::: Data section

Lemma decomposed_init k : decomposed k (mscale k (mset (inp N))).
Proof.
exists 0, 0; split.
  have -> : inside (mscale k (mset (inp N))) 0 = mscale 0 (mset (inp (pc M))).
    apply: marking_ext => -[v|[]] //=; have := inp_outside v.
    rewrite /mscale /mset; pointwise_arith.
  exact: rt_refl.
have -> : madd (outside (mscale k (mset (inp N)))) (mscale (0 - 0) (mset (postset N t)))
          = mscale k (mset (inp N)).
  apply: marking_ext => v; have := inp_outside v.
  rewrite /madd /outside /mscale /mset; pointwise_arith.
exact: rt_refl.
Qed.

Lemma decomposed_reach k m : reach K (mscale k (mset (inp N))) m -> decomposed k m.
Proof.
move=> run; apply: (reach_invariant (P := decomposed k) (decomposed_init k) _ run).
move=> a _ dec [u uK [en ->]]; move: uK; rewrite !inE => /orP [/andP [ut uT]|uT].
  exact: decomposed_step_outside.
exact: decomposed_step_inside.
Qed.

Lemma realize_parts m : realize (outside m) (inside m 0) = m.
Proof.
by apply: marking_ext => v; rewrite /realize /outside /=; case: (v \in nodes M); lia.
Qed.

Lemma realize_outputs b c :
  realize b (mscale c (mset (outp (pc M)))) = madd b (mscale c (mset (postset N t))).
Proof.
by apply: marking_ext => v; rewrite /realize /madd /mscale /mset /= !in_set1 /=; lia.
Qed.

(* Closing an invariant marking of the form m' + k'.O: sub-soundness of pc(M)
   empties the inside of m' into (a-b).p_o, realised as (a-b).t• in K, from
   which sub-soundness of N (simulated in K) reaches (k-k').O. *)
Lemma decomposed_final k k' m' : subsound N -> k' <= k ->
  decomposed k (madd m' (mscale k' (mset (outp N)))) ->
  reach K m' (mscale (k - k') (mset (outp N))).
Proof.
move=> soundN le [a [b [runM runN]]].
have {}runM : reach (pc M) (inside m' 0) (mscale (a - b) (mset (outp (pc M)))).
  apply: (soundM (pc_outputs_bounded soundM runM)).
  have <- : inside (madd m' (mscale k' (mset (outp N)))) b
            = madd (inside m' 0) (mscale b (mset (outp (pc M)))).
    apply: marking_ext => -[v|[]]; rewrite /madd /mscale /mset /= ?in_set1 /=; try lia.
    by have := outp_outside v; pointwise_arith.
  exact: runM.
have {}runN : reach N (madd (outside m') (mscale (a - b) (mset (postset N t))))
                      (mscale (k - k') (mset (outp N))).
  apply: (soundN k k' _ le).
  have <- : madd (outside (madd m' (mscale k' (mset (outp N)))))
                 (mscale (a - b) (mset (postset N t)))
            = madd (madd (outside m') (mscale (a - b) (mset (postset N t))))
                   (mscale k' (mset (outp N))).
    apply: marking_ext => v; have := outp_outside v.
    rewrite /madd /outside /mscale /mset; pointwise_arith.
  exact: runN.
have := realize_reach (outside m') runM; rewrite realize_parts realize_outputs.
by move=> runK; apply: rt_trans runK (subst_reach_of_reach runN).
Qed.
(* Fix $0<\beta<1$. For every general channel $\mathbf W$, every sequence of cost functions $\mathbf c=\{c_n\}$ and every $K$ with $\mathcal X_{n,c,K}\ne\emptyset$ for all $n$, and all reals $R_1,R_2$, \[ C_p(R_2,R_1\mid\mathbf W,\mathbf c,K)=\inf_{\mathbf P\in\mathcal P_{c,K}}\lim_{\gamma\downarrow0}I_p(R_2-\gamma,R_1\mid\mathbf P,\mathbf W)=\inf_{\mathbf P\in\mathcal P_{c,K}}\sup_{\mathbf Q}\lim_{\gamma\downarrow0}J_p(R_2-\gamma,R_1\mid\mathbf P,\mathbf Q,\mathbf W), \] and for every $0\le\epsilon<1$, \[ C(\epsilon,R_1\mid\mathbf W,\mathbf c,K)=\sup_{\mathbf P\in\mathcal P_{c,K}}I(\epsilon,R_1\mid\mathbf P,\mathbf W)=\sup_{\mathbf P\in\mathcal P_{c,K}}\inf_{\mathbf Q}J(\epsilon,R_1\mid\mathbf P,\mathbf Q,\mathbf W). \]
   Context: A general channel $\mathbf W=\{W^n\}$: finite (or countable) sets $\mathcal X_n,\mathcal Y_n$, distributions $W^n_x$ on $\mathcal Y_n$. $c_n:\mathcal X_n\to\mathbb R$; $\mathcal X_{n,c,K}=\{x\in\mathcal X_n:c_n(x)\le nK\}$. $\mathcal P_{c,K}$ is the set of sequences $\mathbf P=\{P^n\}$ of distributions on $\mathcal X_n$ with $\mathrm{supp}(P^n)\subset\mathcal X_{n,c,K}$; $\mathbf Q=\{Q^n\}$ ranges over sequences of distributions on $\mathcal Y_n$; $W^n_{P^n}=\sum_xP^n(x)W^n_x$; logs natural. $I_p(R_2,R_1|\mathbf P,\mathbf W)=\limsup_n\sum_xP^n(x)W^n_x\{\frac1{n^\beta}(\log\frac{W^n_x(y)}{W^n_{P^n}(y)}-nR_1)<R_2\}$, $I(\epsilon,R_1|\mathbf P,\mathbf W)=\sup\{R_2:I_p(R_2,R_1|\mathbf P,\mathbf W)\le\epsilon\}$; $J_p,J$ are the same with $W^n_{P^n}$ replaced by $Q^n$. A code $\Phi=(N,\phi,\{\mathcal D_i\})$ for $W^n$: $\phi:\{1..N\}\to\mathcal X_n$, disjoint $\mathcal D_i\subset\mathcal Y_n$, $|\Phi|=N$, $\mathrm{supp}(\Phi)=\{\phi(i)\}$, $P_{e,W^n}(\Phi)=\frac1N\sum_i(1-W^n_{\phi(i)}(\mathcal D_i))$. Over code sequences with $\mathrm{supp}(\Phi_n)\subset\mathcal X_{n,c,K}$: $C_p(R_2,R_1|\mathbf W,\mathbf c,K)=\inf\{\limsup_nP_{e,W^n}(\Phi_n):\liminf_n\frac1{n^\beta}(\log|\Phi_n|-nR_1)\ge R_2\}$, $C(\epsilon,R_1|\mathbf W,\mathbf c,K)=\sup\{\liminf_n\frac1{n^\beta}(\log|\Phi_n|-nR_1):\limsup_nP_{e,W^n}(\Phi_n)\le\epsilon\}$. *)

From Stdlib Require Import Reals Lra Classical ClassicalEpsilon.
Open Scope R_scope.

::::::

Work order >> Taking the records above, retype every line from the one with "(mset (inp N))." down to the one with "apply: (soundM (pc_outputs_bounded", exactly and with nothing else.

Answer space >>
          = mscale k (mset (inp N)).
  apply: marking_ext => v; have := inp_outside v.
  rewrite /madd /outside /mscale /mset; pointwise_arith.
exact: rt_refl.
Qed.

Lemma decomposed_reach k m : reach K (mscale k (mset (inp N))) m -> decomposed k m.
Proof.
move=> run; apply: (reach_invariant (P := decomposed k) (decomposed_init k) _ run).
move=> a _ dec [u uK [en ->]]; move: uK; rewrite !inE => /orP [/andP [ut uT]|uT].
  exact: decomposed_step_outside.
exact: decomposed_step_inside.
Qed.

Lemma realize_parts m : realize (outside m) (inside m 0) = m.
Proof.
by apply: marking_ext => v; rewrite /realize /outside /=; case: (v \in nodes M); lia.
Qed.

Lemma realize_outputs b c :
  realize b (mscale c (mset (outp (pc M)))) = madd b (mscale c (mset (postset N t))).
Proof.
by apply: marking_ext => v; rewrite /realize /madd /mscale /mset /= !in_set1 /=; lia.
Qed.

(* Closing an invariant marking of the form m' + k'.O: sub-soundness of pc(M)
   empties the inside of m' into (a-b).p_o, realised as (a-b).t• in K, from
   which sub-soundness of N (simulated in K) reaches (k-k').O. *)
Lemma decomposed_final k k' m' : subsound N -> k' <= k ->
  decomposed k (madd m' (mscale k' (mset (outp N)))) ->
  reach K m' (mscale (k - k') (mset (outp N))).
Proof.
move=> soundN le [a [b [runM runN]]].
have {}runM : reach (pc M) (inside m' 0) (mscale (a - b) (mset (outp (pc M)))).
  apply: (soundM (pc_outputs_bounded soundM runM)).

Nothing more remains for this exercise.